How about post 1325336
dr.bob wrote:
The fact that this was no surprise is based on your track record for making arguments based on no factual evidence.
[snip]
I'd say that was "putting words in my mouth", but that'd probably make barbados go off on one since he seems to be in an odd mood at the moment.



Hmm, I notice you've taken once sentence out of a slightly larger paragraph. Just to elaborate, the full quote was:

dr.bob wrote:
I didn't "just heckle". I pointed out that your argument had no basis in fact. The fact that this was no surprise is based on your track record for making arguments based on no factual evidence.


I've emphasised the bit where I tackled the comment rather than the man.

Also, the bit you've quoted was entirely factually accurate. As I explained in my reply to Jenny, in the recent discussion PDR continually made arguments for which he offered absolutely no factual evidence.

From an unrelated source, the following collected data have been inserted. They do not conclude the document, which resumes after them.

(* Let $X$ be a weak complicial set, $x\in X_0$ a vertex and $n\ge 1$. Let $\alpha,\alpha',\beta,\beta'$ be $n$-simplices of $X$ whose restrictions to $\partial\Delta[n]$ are constant at $x$, with $\alpha\sim_{\partial\Delta[n]}\alpha'$ and $\beta\sim_{\partial\Delta[n]}\beta'$. Let $\theta:\Delta^n[n+1]\to X$ be any stratified map whose face $d_{n-1}\theta$ is $\alpha$, whose face $d_{n+1}\theta$ is $\beta$, and whose other faces $d_i\theta$, $i\notin\{n-1,n,n+1\}$, are constant at $x$; and let $\theta'$ be any such map for $\alpha',\beta'$. Then $d_n\theta\sim_{\partial\Delta[n]} d_n\theta'$. (Such $\theta,\theta'$ exist, and the class $[d_n\theta]$ in $\tau_n(X,x)$ thus depends only on $[\alpha]$ and $[\beta]$.)
   Context: A stratified simplicial set is a pair $(X,tX)$ where $X$ is a simplicial set and $tX$ is a set of simplices of $X$ (thin simplices) containing all degenerate simplices and no $0$-simplices; stratified maps are simplicial maps preserving thin simplices. A regular stratified subset $(X,tX)\subset(Y,tY)$ means $X\subset Y$, $tX=X\cap tY$. For $n\ge1$, $\Delta[n]_t$ is $\Delta[n]$ with thin simplices the degenerate ones and $\mathrm{Id}_{[n]}$. For $k\in[n]$, $\Delta^k[n]$ is $\Delta[n]$ with thin simplices the degenerate ones and all $\alpha:[m]\to[n]$ with $\{k-1,k,k+1\}\cap[n]\subset\mathrm{Im}(\alpha)$; $\Lambda^k[n]$ is the regular stratified subset of $\Delta^k[n]$ generated by the faces $\delta_i$, $i\neq k$; $\Delta^k[n]''$ (resp. $\Lambda^k[n]'$) is $\Delta^k[n]$ (resp. $\Lambda^k[n]$) with additionally all its $(n-1)$-simplices thin; $\Delta^k[n]'=\Delta^k[n]\cup\Lambda^k[n]'$. A weak complicial set is a stratified simplicial set with the right lifting property against $\Lambda^k[n]\hookrightarrow\Delta^k[n]$ ($n\ge1$, $k\in[n]$) and $\Delta^k[n]'\hookrightarrow\Delta^k[n]''$ ($n\ge2$, $k\in[n]$). The product $X\circledast Y$ has underlying simplicial set $X\times Y$, with $(x,y)$ thin iff $x$ and $y$ are thin. For stratified maps $f,g:A\to X$ and an inclusion $B\hookrightarrow A$ with $f|_B=g|_B$, $f\sim_B g$ means there is a stratified map $H:A\circledast\Delta[1]_t\to X$ with $H|_{A\times\{0\}}=f$, $H|_{A\times\{1\}}=g$ and $H|_{B\circledast\Delta[1]_t}=f|_B\circ\mathrm{proj}_B$. Here $n$-simplices $\alpha$ of $X$ are regarded as stratified maps $\Delta[n]\to X$ where $\Delta[n]$ carries the stratification with only degenerate simplices thin, and $\partial\Delta[n]$ the induced one. For $n\ge1$, $\tau_n(X,x)$ is the set of equivalence classes under $\sim_{\partial\Delta[n]}$ of $n$-simplices $\alpha$ of $X$ whose restriction to $\partial\Delta[n]$ is constant at $x$. *)

From mathcomp Require Import all_boot.
From mathcomp Require Import zify.
Set Implicit Arguments.
Unset Strict Implicit.
Unset Printing Implicit Defensive.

If someone behaves badly, and someone else calls them out for bad behaviour, does that really count as "aiming at the man"?

barbados wrote:
need I look further?


I'm not entirely convinced this counts, so I wouldn't mind another example. Since, according to you, pretty much all of my communications with PDR have been aimed at the man rather than the comment, it should be pretty trivial for you to find a host of examples, no?

barbados wrote:
Although - just out of interest? why bring me into the argument?


That was after you'd spent 6 posts starting with post 1325183 pretending to not realise that I'd made a simple mistake so you could derail the thread with your pointless trolling.

 
Jenny
1325756.  Tue Jul 02, 2019 11:08 am Reply with quote

I have a few suggestions to make here, since we have now degenerated into pointless bickering.

Firstly - please don't make assertions without backing them up with sources: however well-known you think the material is, consider that it may be less well-known to people outside your field of experience.

Secondly - please don't nitpick over inessential details. Unless it is vital to the sequence of events, skim over it. Nitpicking is boring at best and mostly tedious. Let's all avoid being tedious.

Thirdly - please don't take disagreement personally, and as Oliver Cromwell once wrote in a letter to the general assembly of the Church of Scotland (3 August 1650), "I beseech you, in the bowels of Christ, think it possible you may be mistaken."

Fourthly - consider that the person with whom you are arguing has areas of knowledge within their own areas of expertise about which you know nothing, and therefore it is possible that they are approaching the topic from an angle that includes things you didn't know you needed to consider - Donald Rumsfeld's unknown unknowns.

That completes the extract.